At War With Investors? Here’s a Simple Tool for Entrepreneurs to Manage Conflict
Communication styles for investor management
It’s hard to find good investors for your startup. That’s why only .05% of startups raise venture capital funding. Of the entrepreneurs I’ve spoken with who have raised startup capital, almost all of them complain about having investors they can’t manage.
But the definition of a “manageable investor” is relative to the entrepreneur’s needs.
One entrepreneur told me he only wanted the money. He preferred investors to stay silent and hidden because his experience proved that investors only got in the way of business growth.
Another entrepreneur told me her investors always argued about the direction of the company despite having little involvement in executing the strategy. They just couldn’t get along.
Managing your relationships with your investors is like managing your relationship with anyone else. You need to find alignment. The fundamentals are in understanding each other’s business objectives, personal interests, and communication styles.
I’ll go through four different scenarios that break down the best and worst ways to communicate with investors.
Communication and Conflict Styles
If you hold your interests in higher regard than your investor’s, you may be aggressive in “getting your way.” This is an effective but inappropriate communication style.

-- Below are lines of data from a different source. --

(* Let $K_{n_1,n_2}$ be the complete bipartite graph with parts $V_1,V_2$, where $n_1=|V_1|\ge 2$ and $n_2=|V_2|\ge 2$. Then the clique number of the 1-skeleton of its cut polytope satisfies $$\omega(\mathrm{CUT}(K_{n_1,n_2}))\ge 2^{\min\{n_1,n_2\}-1}.$$
   Context: For an undirected graph $G=(V,E)$ and $S\subseteq V$, $\delta(S)\subseteq E$ denotes the set of edges with exactly one endpoint in $S$, and $\mathbf v(S)\in\{0,1\}^{E}$ is its incidence vector ($v(S)_e=1$ iff $e\in\delta(S)$). The cut polytope is $\mathrm{CUT}(G)=\operatorname{conv}\{\mathbf v(S):S\subseteq V\}\subset\mathbb R^{E}$. The 1-skeleton of a polytope is the graph whose vertices are the polytope's vertices and whose edges are its one-dimensional faces; $\omega$ denotes its clique number. *)

From HB Require Import structures.
From mathcomp Require Import all_boot all_order all_algebra.
From mathcomp Require Import reals.
Set Implicit Arguments. Unset Strict Implicit. Unset Printing Implicit Defensive.
Import Order.TTheory GRing.Theory Num.Theory.
Local Open Scope ring_scope.

Definition dotv (R : realType) (E : finType) (c x : {ffun E -> R}) : R :=
  \sum_(e : E) c e * x e.

Definition in_segment (R : realType) (E : finType) (u v p : {ffun E -> R}) : Prop :=
  exists t : R, 0 <= t /\ t <= 1 /\ forall e, p e = t * u e + (1 - t) * v e.

Definition is_vertex (R : realType) (E : finType) (P : {ffun E -> R} -> Prop)
    (p : {ffun E -> R}) : Prop :=
  P p /\ exists c : {ffun E -> R},
    forall q, P q -> dotv c q <= dotv c p /\ (dotv c q = dotv c p -> q = p).

(* u v span a 1-dimensional face (edge) of conv(P): some linear functional c
   is maximized over P exactly on points of the segment [u,v] (including u,v);
   the face conv(P ∩ argmax c) is then the segment [u,v], with u <> v. *)
Definition skel_adj (R : realType) (E : finType) (P : {ffun E -> R} -> Prop)
    (u v : {ffun E -> R}) : Prop :=
  is_vertex P u /\ is_vertex P v /\ u <> v /\
  exists c : {ffun E -> R}, dotv c u = dotv c v /\
    forall q, P q -> dotv c q <= dotv c u /\ (dotv c q = dotv c u -> in_segment u v q).

Definition skel_clique (R : realType) (E : finType) (P : {ffun E -> R} -> Prop)
    (Q : seq {ffun E -> R}) : Prop :=
  uniq Q /\ (forall q, q \in Q -> is_vertex P q) /\
  (forall u v, u \in Q -> v \in Q -> u <> v -> skel_adj P u v).

(* Complete bipartite graph K_{n1,n2}: vertex set 'I_n1 + 'I_n2 (V1 = inl, V2 = inr),
   edge set 'I_n1 * 'I_n2, edge (i,j) joining inl i and inr j. *)
Definition Kvert (n1 n2 : nat) := ('I_n1 + 'I_n2)%type.
Definition Kedge (n1 n2 : nat) := ('I_n1 * 'I_n2)%type.

Definition cutvec (R : realType) (n1 n2 : nat) (S : {set Kvert n1 n2}) :
    {ffun Kedge n1 n2 -> R} :=
  [ffun e : Kedge n1 n2 =>
     if (inl e.1 \in S) != (inr e.2 \in S) then (1 : R) else 0].

Definition cutpts (R : realType) (n1 n2 : nat) (x : {ffun Kedge n1 n2 -> R}) : Prop :=
  exists S : {set Kvert n1 n2}, x = cutvec R S.

From HB Require Import structures.
From mathcomp Require Import all_boot all_order all_algebra.
From mathcomp Require Import reals.
From mathcomp Require Import lra zify.
Set Implicit Arguments. Unset Strict Implicit. Unset Printing Implicit Defensive.
Import Order.TTheory GRing.Theory Num.Theory.
Local Open Scope ring_scope.

(* The cut vector v(S) is the unique maximiser over CUT of the functional that
   weighs the edges of delta(S) by +1 and the others by -1, so it is a vertex.
   If D = S Δ T contains a vertex of each side of K_{n1,n2} and misses a vertex
   of each side, keep only the weights of the edges that do not cross D. A
   maximiser X must then agree with S on those edges, i.e. X Δ S is constant
   along them; the edges inside D and those inside its complement form two
   connected complete bipartite graphs, so X Δ S is constant on D and on its
   complement, whence v(X) is v(S) or v(T): the segment [v(S), v(T)] is a face.
   Taking k = min(n1, n2) - 1 and, for b in {0,1}^k, the set S_b of the
   vertices of index p+1 (on both sides) with b_p = 1, any two S_b differ on a
   pair of vertices of index p+1 and both miss the vertices of index 0, which
   gives a clique of size 2^k. *)

Lemma in_segment_left (R : realType) (E : finType) (u v : {ffun E -> R}) :
  in_segment u v u.
Proof. by exists 1; do 2?split; [lra | lra | move=> e; rewrite subrr; lra]. Qed.

Lemma in_segment_right (R : realType) (E : finType) (u v : {ffun E -> R}) :
  in_segment u v v.
Proof. by exists 0; do 2?split; [lra | lra | move=> e; rewrite subr0; lra]. Qed.

Section CutPolytopeKn1n2.
Variables (R : realType) (n1 n2 : nat).
Implicit Types (S T X : {set Kvert n1 n2}) (e : Kedge n1 n2).

Definition crosses S e : bool := (inl e.1 \in S) != (inr e.2 \in S).

Lemma cutvecE S e : cutvec R S e = if crosses S e then 1 else 0.
Proof. by rewrite ffunE. Qed.

Lemma eq_cutvec S T :
  cutvec R S = cutvec R T <-> forall e, crosses S e = crosses T e.
Proof.
split=> [/ffunP eqST e | eqST]; last by apply/ffunP => e; rewrite !cutvecE eqST.
have := eqST e; rewrite !cutvecE.
by case: (crosses S e); case: (crosses T e) => // /eqP; rewrite ?oner_eq0 // eq_sym oner_eq0.
Qed.

Definition signed_weight S (w : pred (Kedge n1 n2)) : {ffun Kedge n1 n2 -> R} :=
  [ffun e => if w e then (if crosses S e then 1 else -1) else 0].

Lemma dotv_signed_weight S w X :
  dotv (signed_weight S w) (cutvec R S) - dotv (signed_weight S w) (cutvec R X) =
  #|[pred e | w e && (crosses X e != crosses S e)]|%:R.
Proof.
rewrite /dotv -sumrB -sumr_const [RHS]big_mkcond /=; apply: eq_bigr => e _.
rewrite !cutvecE ffunE inE.
by case: (w e); case: (crosses S e); case: (crosses X e) => /=; lra.
Qed.

Lemma dotv_signed_weight_le S w X :
  dotv (signed_weight S w) (cutvec R X) <= dotv (signed_weight S w) (cutvec R S).
Proof. by rewrite -subr_ge0 dotv_signed_weight ler0n. Qed.

Lemma dotv_signed_weight_eq S w X :
  dotv (signed_weight S w) (cutvec R X) = dotv (signed_weight S w) (cutvec R S) ->
  forall e, w e -> crosses X e = crosses S e.
Proof.
move=> eqXS e we; apply/(@eqP _ (crosses X e)); apply: contraT => neqXS.
have /esym/eqP := dotv_signed_weight S w X; rewrite eqXS subrr pnatr_eq0.
by move=> /eqP/card0_eq/(_ e); rewrite !inE we neqXS.
Qed.

Lemma cutvec_vertex S : is_vertex (@cutpts R n1 n2) (cutvec R S).
Proof.
split; first by exists S.
exists (signed_weight S predT) => _ [X ->].
split=> [|/dotv_signed_weight_eq eqXS]; first exact: dotv_signed_weight_le.
by apply/eq_cutvec => e; rewrite eqXS.
Qed.

Lemma edge_invariant_two_valued (A : Type) (D : Kvert n1 n2 -> bool)
    (f : Kvert n1 n2 -> A) i0 j0 i1 j1 :
  ~~ D (inl i0) -> ~~ D (inr j0) -> D (inl i1) -> D (inr j1) ->
  (forall i j, D (inl i) = D (inr j) -> f (inl i) = f (inr j)) ->
  exists a b, forall x, f x = if D x then b else a.
Proof.
move=> /negbTE Di0 /negbTE Dj0 Di1 Dj1 edge.
exists (f (inl i0)), (f (inl i1)) => -[i | j].
  case Di: (D (inl i)).
    by rewrite (edge i j1) ?(edge i1 j1) ?Di ?Di1.
  by rewrite (edge i j0) ?(edge i0 j0) ?Di ?Di0.
case Dj: (D (inr j)); first by rewrite (edge i1 j) ?Dj.
by rewrite (edge i0 j) ?Dj.
Qed.

Lemma cutvec_adj S T i0 j0 i1 j1 :
  (inl i0 \in S) = (inl i0 \in T) -> (inr j0 \in S) = (inr j0 \in T) ->
  (inl i1 \in S) != (inl i1 \in T) -> (inr j1 \in S) != (inr j1 \in T) ->
  skel_adj (@cutpts R n1 n2) (cutvec R S) (cutvec R T).
Proof.
move=> Si0 Sj0 Si1 Sj1.
pose w e := crosses S e == crosses T e.
have neqST : cutvec R S <> cutvec R T.
  move/eq_cutvec/(_ (i0, j1)); rewrite /crosses /= Si0.
  by move: Sj1; case: (inr j1 \in S); case: (inr j1 \in T); case: (inl i0 \in T).
split; [exact: cutvec_vertex | split; [exact: cutvec_vertex | split=> //]].
exists (signed_weight S w); split.
  rewrite /dotv; apply: eq_bigr => e _; rewrite !cutvecE ffunE /w.
  by case: eqP => [->|]; rewrite ?mul0r.
move=> _ [X ->]; split=> [|/dotv_signed_weight_eq agree]; first exact: dotv_signed_weight_le.
pose D x := (x \in S) != (x \in T).
pose flip x := (x \in X) != (x \in S).
have [|||||a [b flipE]] := @edge_invariant_two_valued _ D flip i0 j0 i1 j1.
- by rewrite /D Si0 eqxx.
- by rewrite /D Sj0 eqxx.
- exact: Si1.
- exact: Sj1.
- move=> i j; have := agree (i, j); rewrite /w /crosses /D /flip /=.
  by case: (inl i \in X); case: (inl i \in S); case: (inl i \in T);
     case: (inr j \in X); case: (inr j \in S); case: (inr j \in T) => // ->.
have crossesX e : crosses X e = crosses S e (+) (a != b) && (D (inl e.1) != D (inr e.2)).
  case: e => i j; move: (flipE (inl i)) (flipE (inr j)); rewrite /crosses /D /flip /=.
  case: a b flipE => [] [] _;
  by case: (inl i \in X); case: (inl i \in S); case: (inl i \in T);
     case: (inr j \in X); case: (inr j \in S); case: (inr j \in T).
have [ab | ab] := eqVneq a b.
  have -> : cutvec R X = cutvec R S.
    by apply/eq_cutvec => e; rewrite crossesX ab eqxx addbF.
  exact: in_segment_left.
have -> : cutvec R X = cutvec R T.
  apply/eq_cutvec => -[i j]; rewrite crossesX ab /D /crosses /=.
  by case: (inl i \in S); case: (inl i \in T); case: (inr j \in S); case: (inr j \in T).
exact: in_segment_right.
Qed.

End CutPolytopeKn1n2.

Section BitCuts.
Variables (R : realType) (n1 n2 k : nat).
Hypotheses (k_lt_n1 : (k < n1)%N) (k_lt_n2 : (k < n2)%N).

Definition vertex_index (x : Kvert n1 n2) : nat :=
  match x with inl i => val i | inr j => val j end.

Definition bits_set (b : {ffun 'I_k -> bool}) : {set Kvert n1 n2} :=
  [set x | [exists p : 'I_k, (vertex_index x == p.+1) && b p]].

Lemma mem_bits_set0 b x : vertex_index x = 0%N -> (x \in bits_set b) = false.
Proof. by rewrite inE => x0; apply/existsP => -[p /andP[/eqP]]; rewrite x0. Qed.

Lemma mem_bits_setS b x (p : 'I_k) : vertex_index x = p.+1 -> (x \in bits_set b) = b p.
Proof.
rewrite inE => xp; apply/existsP/idP => [[q /andP[/eqP xq bq]] | bp].
  by have -> : p = q by apply: val_inj; apply: succn_inj; rewrite -xp -xq.
by exists p; rewrite xp eqxx.
Qed.

Let zero1 : 'I_n1 := Ordinal (leq_ltn_trans (leq0n k) k_lt_n1).
Let zero2 : 'I_n2 := Ordinal (leq_ltn_trans (leq0n k) k_lt_n2).
Let succ1 (p : 'I_k) : 'I_n1 := Ordinal (leq_ltn_trans (ltn_ord p) k_lt_n1).
Let succ2 (p : 'I_k) : 'I_n2 := Ordinal (leq_ltn_trans (ltn_ord p) k_lt_n2).

Lemma bits_cutvec_inj : injective (fun b => cutvec R (bits_set b)).
Proof.
move=> b b' /eq_cutvec /(_ (zero1, succ2 _)) eqbb'; apply/ffunP => p.
move: (eqbb' p); rewrite /crosses /= !(@mem_bits_set0 _ (inl _)) //.
rewrite !(@mem_bits_setS _ (inr _) p) //.
by case: (b p); case: (b' p).
Qed.

Lemma bits_cutvec_adj b b' : b != b' ->
  skel_adj (@cutpts R n1 n2) (cutvec R (bits_set b)) (cutvec R (bits_set b')).
Proof.
move=> neqbb'; have [p bp] : exists p, b p != b' p.
  apply/existsP; rewrite -negb_forall; apply: contra neqbb' => /forallP eqbb'.
  by apply/eqP/ffunP => p; apply/eqP.
apply: (@cutvec_adj R n1 n2 _ _ zero1 zero2 (succ1 p) (succ2 p)).
- by rewrite !mem_bits_set0.
- by rewrite !mem_bits_set0.
- by rewrite !(@mem_bits_setS _ (inl _) p).
- by rewrite !(@mem_bits_setS _ (inr _) p).
Qed.

Lemma bits_cutvec_clique :
  skel_clique (@cutpts R n1 n2) [seq cutvec R (bits_set b) | b : {ffun 'I_k -> bool}].
Proof.
split; first by rewrite map_inj_uniq ?enum_uniq //; exact: bits_cutvec_inj.
split; first by move=> _ /mapP[b _ ->]; exact: cutvec_vertex.
move=> _ _ /mapP[b _ ->] /mapP[b' _ ->] neq; apply: bits_cutvec_adj.
by apply: contra_not_neq neq => ->.
Qed.

End BitCuts.

Theorem theorem9 (R : realType) (n1 n2 : nat) :
  (2 <= n1)%N -> (2 <= n2)%N ->
  exists Q : seq {ffun Kedge n1 n2 -> R},
    skel_clique (@cutpts R n1 n2) Q /\ size Q = (2 ^ (minn n1 n2).-1)%N.
Proof.
move=> n1_ge2 n2_ge2.
have k_lt_n1 : ((minn n1 n2).-1 < n1)%N by lia.
have k_lt_n2 : ((minn n1 n2).-1 < n2)%N by lia.
exists [seq cutvec R (bits_set n1 n2 b) | b : {ffun 'I_(minn n1 n2).-1 -> bool}].
split; first exact: bits_cutvec_clique.
by rewrite size_image card_ffun card_bool card_ord.
Qed.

I’ve heard stories of founders yelling and cursing at their investors, threatening to sue them for sabotaging the business direction.
Aggression is not unidirectional; the investor can be the culprit as well. I’ve run across cases where the investors blackmailed or sexually harassed an entrepreneur.
It’s typical to see a negative consequence (like threats to leave, sue, or harm in some fashion) as a way to persuade someone to do something. And it can be as crude as the above examples or a very subtle insinuation.
If you don’t care about addressing either of your interests, you’ll put off communicating altogether. This is both ineffective and inappropriate.
It’s also the most common problem entrepreneurs have.
“One of the biggest challenges is when companies don’t communicate that they have a problem.”
- Andreas Kraemer, Managing Partner & VC at Mita Ventures
When entrepreneurs avoid communicating with investors, minor challenges grow into urgent problems. This causes even seasoned investors to become overbearing.
The way an unseasoned surfer grabs the board to protect himself but instead gets overtaken by the waves and tumbles to defeat, an investor will try to take control during times of uncertainty to his own detriment.
The action forces the entrepreneur to act irrationally and withhold even more information, creating a bigger divide between the investor and the management team.
If you hold your investor’s interest in higher regard than your own, you might become overly accommodating. You might think you’re acting in an appropriate decorum but it’s actually a very ineffective communication style.
I notice this a lot with entrepreneurs. They think because an investor brings money, then he also brings wisdom, good character, and large scale connections — all things deserving of respect. Assuming this is all true — trust me, most of the time it’s far from it — entrepreneurs still cater so much to their investor that they fail at making objective decisions.
Appeasing the investor is the second biggest mistake entrepreneurs make.
If you know your business, assert it. Otherwise, you’ll allow the investors to dictate terms, business objectives, and your startup’s valuation. A bad or inexperienced startup investor will take advantage of that.
If you value your startup’s interests and your investor’s interests equally high, then you’re more likely to assert both interests and compromise to find a win-win. This is both effective and appropriate.
Entrepreneurs are challenged with communicating fearlessly, honestly, and transparently using a structured reporting process during highly organized meetings.
They just don’t have the confidence or the process.
So let me provide some steps that are derived from a course I took at Thunderbird School of Global Management called Communicating at Work.
1 — Make a direct request
- Select a single problem
- Write out a request for the investor to do more of a specific behavior
- Bring it up at a time when neither of you are emotionally upset
2 — Positive reinforcement
- Give praise or verbal appreciation to the kind of behavior you like
- Describe a trade for them to change their behaviors
- Build in rewards that enable the right behaviors on an ongoing basis
3 — Negative Consequences
- Identify problems the current behavior creates
- Communicate consequences if the behavior doesn’t change
“When you do X, it makes me feel like Y (or it makes me feel like you do/don’t Y). I need you to do Z.”
“Henry, when you push off the subject of work-life balance, it comes across as you’re either unwilling or don’t care about reaching a solution about our company culture that we can all agree to. What I need is for you give me specific solutions to make the work environment more… workable.”
I interviewed over 80 people in my professional venture network about entrepreneurial challenges. Interpersonal conflict management and resolution prevailed as the biggest challenge faced by both investors and management teams when trying to find alignment.
But both investors and entrepreneurs should realize that conflict is actually healthy. It can lead to great results if managed well. Resolving conflict, should it have gotten a little too far, is also a great learning experience from which both parties come out closer and stronger.
Entrepreneurs need to value the investor’s interests while asserting their own, and be willing to compromise to ensure they reach a resolution in an effective and appropriate manner.